§ **About this task**: Look for the word "BiMatrixForms" in the entries and copy every line where it shows up.

§ **The data**:
(* Let $P_1,P_2\in\mathbf{C}^{n\times n}$. The following three statements are equivalent: (1) $\{P_1,P_2\}>0$ (resp. $\geq 0$); (2) $\{P_1,P_2\}_\circ>0$ (resp. $\geq 0$); (3) $\{P_1,P_2\}_\diamond>0$ (resp. $\geq0$). Moreover, a real matrix $P\in\mathbf{R}^{2n\times 2n}$ is positive definite (resp. positive semidefinite) if and only if there exists a unique bimatrix $\{P_1,P_2\}>0$ (resp. $\geq 0$) such that $\{P_1,P_2\}_\circ=P$.
   Context: $P^{\#}$, $P^{\mathrm T}$, $P^{\mathrm H}$ denote entrywise conjugate, transpose, conjugate transpose. For $A_1,A_2\in\mathbf{C}^{n\times m}$ the bimatrix $\{A_1,A_2\}$ is the real-linear map $x\mapsto A_1x+A_2^{\#}x^{\#}$ (equality = equality as maps, equivalently of the pairs). Its conjugate transpose is $\{A_1,A_2\}^{\mathrm H}=\{A_1^{\mathrm H},A_2^{\mathrm T}\}$. A square bimatrix $\{P_1,P_2\}$ is Hermite if $\{P_1,P_2\}=\{P_1,P_2\}^{\mathrm H}$, i.e. $P_1=P_1^{\mathrm H}$ and $P_2=P_2^{\mathrm T}$. It is positive definite (resp. semidefinite), written $\{P_1,P_2\}>0$ (resp. $\geq0$), if it is Hermite and $\mathrm{Re}\big(x^{\mathrm H}(P_1x+P_2^{\#}x^{\#})\big)>0$ (resp. $\geq 0$) for all nonzero $x\in\mathbf{C}^n$. Complex lifting: $\{P_1,P_2\}_\diamond=\begin{bmatrix}P_1 & P_2^{\#}\\ P_2 & P_1^{\#}\end{bmatrix}$. Real representation: $\{P_1,P_2\}_\circ=\begin{bmatrix}\mathrm{Re}(P_1+P_2) & -\mathrm{Im}(P_1+P_2)\\ \mathrm{Im}(P_1-P_2) & \mathrm{Re}(P_1-P_2)\end{bmatrix}$. For an ordinary (real or complex) square matrix, $>0$ (resp. $\geq0$) means Hermitian (symmetric if real) positive definite (resp. semidefinite). *)

From HB Require Import structures.
From mathcomp Require Import all_boot all_order all_algebra.
From mathcomp Require Import complex.
Set Implicit Arguments. Unset Strict Implicit. Unset Printing Implicit Defensive.
Import Order.TTheory GRing.Theory Num.Theory.
Local Open Scope ring_scope.

Section BiMatrix.
Variable R : rcfType.
Local Notation C := (R[i]).

Definition mxconj m n (A : 'M[C]_(m, n)) : 'M[C]_(m, n) := map_mx (@conjc R) A.
Definition mxH m n (A : 'M[C]_(m, n)) : 'M[C]_(n, m) := (mxconj A)^T.

Definition biapply m n (A1 A2 : 'M[C]_(m, n)) (x : 'cV[C]_n) : 'cV[C]_m :=
  A1 *m x + mxconj A2 *m mxconj x.

(* Hermite bimatrix {P1,P2} = {P1,P2}^H, i.e. P1 = P1^H and P2 = P2^T *)
Definition bi_hermite n (P1 P2 : 'M[C]_n) : Prop := P1 = mxH P1 /\ P2 = P2^T.

Definition bi_posdef n (P1 P2 : 'M[C]_n) : Prop :=
  bi_hermite P1 P2 /\
  forall x : 'cV[C]_n, x != 0 -> 0 < complex.Re ((mxH x *m biapply P1 P2 x) 0 0).

Definition bi_possemidef n (P1 P2 : 'M[C]_n) : Prop :=
  bi_hermite P1 P2 /\
  forall x : 'cV[C]_n, 0 <= complex.Re ((mxH x *m biapply P1 P2 x) 0 0).

(* complex lifting {P1,P2}_diamond *)
Definition bi_lift n (P1 P2 : 'M[C]_n) : 'M[C]_(n + n) :=
  block_mx P1 (mxconj P2) P2 (mxconj P1).

Definition mxRe m n (A : 'M[C]_(m, n)) : 'M[R]_(m, n) := map_mx (@complex.Re R) A.
Definition mxIm m n (A : 'M[C]_(m, n)) : 'M[R]_(m, n) := map_mx (@complex.Im R) A.

(* real representation {P1,P2}_circ *)
Definition bi_real n (P1 P2 : 'M[C]_n) : 'M[R]_(n + n) :=
  block_mx (mxRe (P1 + P2)) (- mxIm (P1 + P2)) (mxIm (P1 - P2)) (mxRe (P1 - P2)).

Definition cmx_posdef m (A : 'M[C]_m) : Prop :=
  A = mxH A /\ forall x : 'cV[C]_m, x != 0 -> 0 < (mxH x *m A *m x) 0 0.
Definition cmx_possemidef m (A : 'M[C]_m) : Prop :=
  A = mxH A /\ forall x : 'cV[C]_m, 0 <= (mxH x *m A *m x) 0 0.

Definition rmx_posdef m (A : 'M[R]_m) : Prop :=
  A = A^T /\ forall x : 'cV[R]_m, x != 0 -> 0 < (x^T *m A *m x) 0 0.
Definition rmx_possemidef m (A : 'M[R]_m) : Prop :=
  A = A^T /\ forall x : 'cV[R]_m, 0 <= (x^T *m A *m x) 0 0.

End BiMatrix.

From HB Require Import structures.
From mathcomp Require Import all_boot all_order all_algebra.
From mathcomp Require Import complex ring lra.
Import Order.TTheory GRing.Theory Num.Theory.
Local Open Scope ring_scope.
Set Implicit Arguments. Unset Strict Implicit. Unset Printing Implicit Defensive.

(* Writing x = a + i b, the real part of x^H (P1 x + P2^# x^#) is the
   quadratic form of {P1,P2}_circ at (a, b), and x |-> (a, b) is a bijection
   C^n -> R^2n; this gives (1) <-> (2).  The Hermitian form of
   {P1,P2}_diamond at (x, y) is half the sum of the bimatrix form at x + y^#
   and at i (y^# - x), two vectors that vanish together only if (x, y) = 0;
   at y = x^# it is twice the bimatrix form at x.  This gives (1) <-> (3).
   Finally {P1,P2} |-> {P1,P2}_circ is a bijection with an explicit inverse,
   so a positive real P has exactly one positive preimage. *)

Lemma bilinear_formE (T : pzSemiRingType) m (u v : 'cV[T]_m) (M : 'M[T]_m) :
  (u^T *m M *m v) 0 0 = \sum_i \sum_j u i 0 * M i j * v j 0.
Proof.
rewrite mxE; under eq_bigr => j _ do rewrite mxE mulr_suml.
rewrite exchange_big; apply: eq_bigr => i _; apply: eq_bigr => j _.
by rewrite !mxE.
Qed.

Lemma big_split_ord2 (V : nmodType) m (F : 'I_(m + m) -> 'I_(m + m) -> V) :
  \sum_i \sum_j F i j = \sum_i \sum_j (F (lshift m i) (lshift m j)
    + F (lshift m i) (rshift m j) + F (rshift m i) (lshift m j)
    + F (rshift m i) (rshift m j)).
Proof.
rewrite big_split_ord /=; under eq_bigr do rewrite big_split_ord.
under [X in _ + X]eq_bigr do rewrite big_split_ord.
rewrite !big_split /=; under [RHS]eq_bigr do rewrite !big_split /=.
by rewrite !big_split /= !addrA.
Qed.

Lemma double_sum_sym (V : nmodType) m (F : 'I_m -> 'I_m -> V) :
  (\sum_i \sum_j F i j) *+ 2 = \sum_i \sum_j (F i j + F j i).
Proof.
rewrite mulr2n {2}exchange_big -big_split; apply: eq_bigr => i _.
by rewrite -big_split.
Qed.

Section BiMatrixForms.
Variable R : rcfType.
Local Open Scope complex_scope.
Local Notation C := R[i].
Local Notation Re := (@complex.Re R).
Local Notation Im := (@complex.Im R).

Definition rform m (M : 'M[R]_m) (w : 'cV[R]_m) : R := (w^T *m M *m w) 0 0.
Definition cform m (A : 'M[C]_m) (z : 'cV[C]_m) : C := (mxH z *m A *m z) 0 0.
Definition biform n (P1 P2 : 'M[C]_n) (x : 'cV[C]_n) : R :=
  Re ((mxH x *m biapply P1 P2 x) 0 0).

Definition realvec n (x : 'cV[C]_n) : 'cV[R]_(n + n) := col_mx (mxRe x) (mxIm x).
Definition cplxvec n (w : 'cV[R]_(n + n)) : 'cV[C]_n :=
  \col_i (usubmx w i 0 +i* dsubmx w i 0).

Lemma realvecK n : cancel (@realvec n) (@cplxvec n).
Proof.
move=> x; apply/matrixP => i j; rewrite /realvec (ord1 j) mxE col_mxKu col_mxKd !mxE.
by case: (x i 0).
Qed.

Lemma cplxvecK n : cancel (@cplxvec n) (@realvec n).
Proof.
move=> w; rewrite /realvec -[RHS]vsubmxK.
by congr col_mx; apply/matrixP => i j; rewrite !mxE (ord1 j).
Qed.

Lemma realvecD n (x y : 'cV[C]_n) : realvec (x + y) = realvec x + realvec y.
Proof. by rewrite /realvec /mxRe /mxIm !map_mxD add_col_mx. Qed.

Lemma realvec0 n : realvec 0 = 0 :> 'cV[R]_(n + n).
Proof. by rewrite /realvec /mxRe /mxIm !map_mx0 col_mx0. Qed.

Lemma realvec_eq0 n (x : 'cV[C]_n) : (realvec x == 0) = (x == 0).
Proof. by rewrite -(realvec0 n) (can_eq (@realvecK n)). Qed.

Lemma mxconjK m n : involutive (@mxconj R m n).
Proof. by move=> A; apply/matrixP => i j; rewrite !mxE conjcK. Qed.

Lemma rformZ m (M : 'M[R]_m) a w : rform M (a *: w) = a ^+ 2 * rform M w.
Proof. by rewrite /rform -scalemxAr [(a *: w)^T]linearZ -!scalemxAl !mxE mulrA. Qed.

Lemma rform0 m (M : 'M[R]_m) : rform M 0 = 0.
Proof. by rewrite /rform mulmx0 mxE. Qed.

Lemma biformE n (P1 P2 : 'M[C]_n) x : biform P1 P2 x =
  \sum_i \sum_j Re ((x i 0)^* * (P1 i j * x j 0 + (P2 i j)^* * (x j 0)^*)).
Proof.
rewrite /biform /biapply /mxH mulmxDr !mulmxA mxE !bilinear_formE -big_split raddf_sum.
apply: eq_bigr => i _; rewrite -big_split raddf_sum; apply: eq_bigr => j _.
by rewrite /mxconj !mxE mulrDr !mulrA.
Qed.

Lemma biform_real n (P1 P2 : 'M[C]_n) x :
  biform P1 P2 x = rform (bi_real P1 P2) (realvec x).
Proof.
rewrite biformE /rform bilinear_formE big_split_ord2.
apply: eq_bigr => i _; apply: eq_bigr => j _.
rewrite /bi_real /realvec !col_mxEu !col_mxEd !row_mxEl !row_mxEr /mxRe /mxIm !mxE.
case: (x i 0) (x j 0) (P1 i j) (P2 i j) => [a b] [c d] [e f] [g h] /=; ring.
Qed.

Lemma bi_hermiteE n (P1 P2 : 'M[C]_n) : bi_hermite P1 P2 <->
  (forall i j, P1 i j = (P1 j i)^*) /\ (forall i j, P2 i j = P2 j i).
Proof.
split=> [[/matrixP h1 /matrixP h2] | [h1 h2]].
  by split=> i j; [rewrite {1}h1 !mxE | rewrite {1}h2 !mxE].
by split; apply/matrixP => i j; rewrite !mxE.
Qed.

Lemma bi_hermite_real n (P1 P2 : 'M[C]_n) :
  bi_hermite P1 P2 <-> bi_real P1 P2 = (bi_real P1 P2)^T.
Proof.
rewrite bi_hermiteE /bi_real tr_block_mx /mxRe /mxIm; split=> [[h1 h2] | ].
  by congr block_mx; apply/matrixP => i j; rewrite !mxE (h1 i j) (h2 i j);
    case: (P1 j i) (P2 j i) => [a b] [c d] /=; ring.
case/eq_block_mx => /matrixP E1 /matrixP E2 _ /matrixP E4.
split=> i j; move: (E1 i j) (E2 i j) (E2 j i) (E4 i j); rewrite !mxE;
  case: (P1 i j) (P1 j i) (P2 i j) (P2 j i) => [a b] [c d] [e f] [g h] /= *;
  congr (_ +i* _); lra.
Qed.

Lemma bi_hermite_lift n (P1 P2 : 'M[C]_n) :
  bi_hermite P1 P2 <-> bi_lift P1 P2 = mxH (bi_lift P1 P2).
Proof.
rewrite bi_hermiteE /bi_lift /mxH /mxconj map_block_mx tr_block_mx.
split=> [[h1 h2] | /eq_block_mx[/matrixP E1 /matrixP E2 _ _]].
  by congr block_mx; apply/matrixP => i j; rewrite !mxE ?(h1 i j) ?(h2 i j) ?conjcK.
split=> i j; first by move: (E1 i j); rewrite !mxE.
by move: (E2 i j); rewrite !mxE => /(congr1 conjc); rewrite !conjcK.
Qed.

Lemma cform_lift n (P1 P2 : 'M[C]_n) (x y : 'cV[C]_n) : bi_hermite P1 P2 ->
  cform (bi_lift P1 P2) (col_mx x y) =
  ((biform P1 P2 (x + mxconj y) + biform P1 P2 ('i *: (mxconj y - x))) / 2%:R)%:C.
Proof.
move=> /bi_hermiteE[h1 h2].
have two_neq0 : (2%:R : C) != 0 by rewrite pnatr_eq0.
rewrite rmorphM fmorphV rmorph_nat; apply: (canRL (mulfK two_neq0)); rewrite mulr_natr.
rewrite /cform /mxH bilinear_formE big_split_ord2 double_sum_sym.
rewrite !biform_real /rform !bilinear_formE !big_split_ord2 -big_split rmorph_sum.
apply: eq_bigr => i _; rewrite -big_split rmorph_sum; apply: eq_bigr => j _.
rewrite /bi_lift /bi_real /realvec /mxconj /mxRe /mxIm.
rewrite !(col_mxEu, col_mxEd, row_mxEl, row_mxEr, mxE) (h1 j i) (h2 j i).
case: (x i 0) (x j 0) (y i 0) (y j 0) (P1 i j) (P2 i j)
  => [a1 b1] [a2 b2] [a3 b3] [a4 b4] [a5 b5] [a6 b6] /=.
by simpc; congr (_ +i* _); ring.
Qed.

Lemma biform0 n (P1 P2 : 'M[C]_n) : biform P1 P2 0 = 0.
Proof. by rewrite biform_real realvec0 rform0. Qed.

Lemma cform_lift_conj n (P1 P2 : 'M[C]_n) (x : 'cV[C]_n) : bi_hermite P1 P2 ->
  cform (bi_lift P1 P2) (col_mx x (mxconj x)) = (biform P1 P2 x *+ 2)%:C.
Proof.
move=> herm; rewrite cform_lift // mxconjK subrr scaler0 biform0 addr0.
rewrite !biform_real realvecD -mulr2n -scaler_nat rformZ.
congr _%:C; lra.
Qed.

Lemma lift_parts_neq0 n (x y : 'cV[C]_n) : col_mx x y != 0 ->
  (x + mxconj y != 0) || ('i *: (mxconj y - x) != 0).
Proof.
apply: contraNT; rewrite negb_or !negbK scaler_eq0 subr_eq0 => /andP[sum0].
have i_neq0 : 'i != 0 :> C by rewrite eq_complex /= oner_eq0 andbF.
rewrite (negbTE i_neq0) /= => /eqP yx; move: sum0; rewrite yx.
rewrite -mulr2n -scaler_nat scaler_eq0 pnatr_eq0 /= => /eqP x0.
by rewrite -col_mx0 -[y]mxconjK yx x0 /mxconj map_mx0.
Qed.

Lemma biform_ge0_real n (P1 P2 : 'M[C]_n) :
  (forall x, 0 <= biform P1 P2 x) <-> (forall w, 0 <= rform (bi_real P1 P2) w).
Proof.
split=> psd v; last by rewrite biform_real.
by rewrite -[v]cplxvecK -biform_real.
Qed.

Lemma biform_gt0_real n (P1 P2 : 'M[C]_n) :
  (forall x, x != 0 -> 0 < biform P1 P2 x) <->
  (forall w, w != 0 -> 0 < rform (bi_real P1 P2) w).
Proof.
split=> pd v v0; last by rewrite biform_real pd ?realvec_eq0.
by rewrite -[v]cplxvecK -biform_real pd // -realvec_eq0 cplxvecK.
Qed.

Lemma bi_posdef_real n (P1 P2 : 'M[C]_n) :
  bi_posdef P1 P2 <-> rmx_posdef (bi_real P1 P2).
Proof. by split=> -[/bi_hermite_real herm /biform_gt0_real pd]. Qed.

Lemma bi_possemidef_real n (P1 P2 : 'M[C]_n) :
  bi_possemidef P1 P2 <-> rmx_possemidef (bi_real P1 P2).
Proof. by split=> -[/bi_hermite_real herm /biform_ge0_real psd]. Qed.

Lemma bi_posdef_lift n (P1 P2 : 'M[C]_n) :
  bi_posdef P1 P2 <-> cmx_posdef (bi_lift P1 P2).
Proof.
split=> [[herm pd] | [/bi_hermite_lift herm pd]]; split=> //.
- exact/bi_hermite_lift.
- have psd x : 0 <= biform P1 P2 x.
    by have [->|/pd/ltW //] := eqVneq x 0; rewrite biform0.
  move=> z; rewrite -[z]vsubmxK => z0; rewrite -/(cform _ _) cform_lift // ltcR.
  have := psd (usubmx z + mxconj (dsubmx z)).
  have := psd ('i *: (mxconj (dsubmx z) - usubmx z)).
  by case/orP: (lift_parts_neq0 z0) => /pd; lra.
- move=> x x0; have /pd : col_mx x (mxconj x) != 0.
    by apply: contra x0; rewrite -col_mx0 => /eqP/eq_col_mx[-> _].
  by rewrite -/(cform _ _) cform_lift_conj // ltcR pmulrn_lgt0.
Qed.

Lemma bi_possemidef_lift n (P1 P2 : 'M[C]_n) :
  bi_possemidef P1 P2 <-> cmx_possemidef (bi_lift P1 P2).
Proof.
split=> [[herm psd] | [/bi_hermite_lift herm psd]]; split=> //.
- exact/bi_hermite_lift.
- move=> z; rewrite -[z]vsubmxK -/(cform _ _) cform_lift // lecR.
  by rewrite divr_ge0 ?addr_ge0 ?psd.
- move=> x; have := psd (col_mx x (mxconj x)).
  by rewrite -/(cform _ _) cform_lift_conj // lecR pmulrn_lge0.
Qed.

(* Solves Re (P1 + P2) = A, -Im (P1 + P2) = B, Im (P1 - P2) = D,
   Re (P1 - P2) = E for the blocks [A B; D E] of P. *)
Definition bi_of_real n (P : 'M[R]_(n + n)) : 'M[C]_n * 'M[C]_n :=
  (\matrix_(i, j) (((ulsubmx P i j + drsubmx P i j) / 2%:R)
                    +i* ((dlsubmx P i j - ursubmx P i j) / 2%:R)),
   \matrix_(i, j) (((ulsubmx P i j - drsubmx P i j) / 2%:R)
                    -i* ((ursubmx P i j + dlsubmx P i j) / 2%:R))).

Lemma bi_of_realK n (P : 'M[R]_(n + n)) :
  bi_real (bi_of_real P).1 (bi_of_real P).2 = P.
Proof.
rewrite -[RHS]submxK /bi_real; congr block_mx; apply/matrixP => i j;
  rewrite /mxRe /mxIm !mxE /=; lra.
Qed.

Lemma bi_realK n (P1 P2 : 'M[C]_n) : bi_of_real (bi_real P1 P2) = (P1, P2).
Proof.
rewrite /bi_of_real /bi_real block_mxKul block_mxKur block_mxKdl block_mxKdr.
congr pair; apply/matrixP => i j; rewrite /mxRe /mxIm !mxE;
  case: (P1 i j) (P2 i j) => [a b] [c d] /=; congr (_ +i* _); lra.
Qed.

Lemma exists_unique_bi_real n
    (bipos : 'M[C]_n -> 'M[C]_n -> Prop) (rpos : 'M[R]_(n + n) -> Prop) :
  (forall P1 P2, bipos P1 P2 <-> rpos (bi_real P1 P2)) ->
  forall P, rpos P <->
    exists! Q : 'M[C]_n * 'M[C]_n, bipos Q.1 Q.2 /\ bi_real Q.1 Q.2 = P.
Proof.
move=> posE P; split=> [rposP | [[Q1 Q2] [[/posE + <-] _]] //].
exists (bi_of_real P); split.
  by split; [apply/posE; rewrite bi_of_realK | exact: bi_of_realK].
by move=> [Q1 Q2] [_ <-]; rewrite bi_realK.
Qed.

End BiMatrixForms.

Theorem lemma7 (R : rcfType) (n : nat) :
  (forall P1 P2 : 'M[R[i]]_n,
     (bi_posdef P1 P2 <-> rmx_posdef (bi_real P1 P2)) /\
     (bi_posdef P1 P2 <-> cmx_posdef (bi_lift P1 P2)) /\
     (bi_possemidef P1 P2 <-> rmx_possemidef (bi_real P1 P2)) /\
     (bi_possemidef P1 P2 <-> cmx_possemidef (bi_lift P1 P2))) /\
  (forall P : 'M[R]_(n + n),
     (rmx_posdef P <->
        exists! Q : 'M[R[i]]_n * 'M[R[i]]_n,
          bi_posdef Q.1 Q.2 /\ bi_real Q.1 Q.2 = P) /\
     (rmx_possemidef P <->
        exists! Q : 'M[R[i]]_n * 'M[R[i]]_n,
          bi_possemidef Q.1 Q.2 /\ bi_real Q.1 Q.2 = P)).
Proof.
split=> [P1 P2 | P].
  exact: (conj (bi_posdef_real P1 P2) (conj (bi_posdef_lift P1 P2)
           (conj (bi_possemidef_real P1 P2) (bi_possemidef_lift P1 P2)))).
split; apply: exists_unique_bi_real.
  exact: bi_posdef_real.
exact: bi_possemidef_real.
Qed.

§ **Task answer**:
Section BiMatrixForms.
End BiMatrixForms.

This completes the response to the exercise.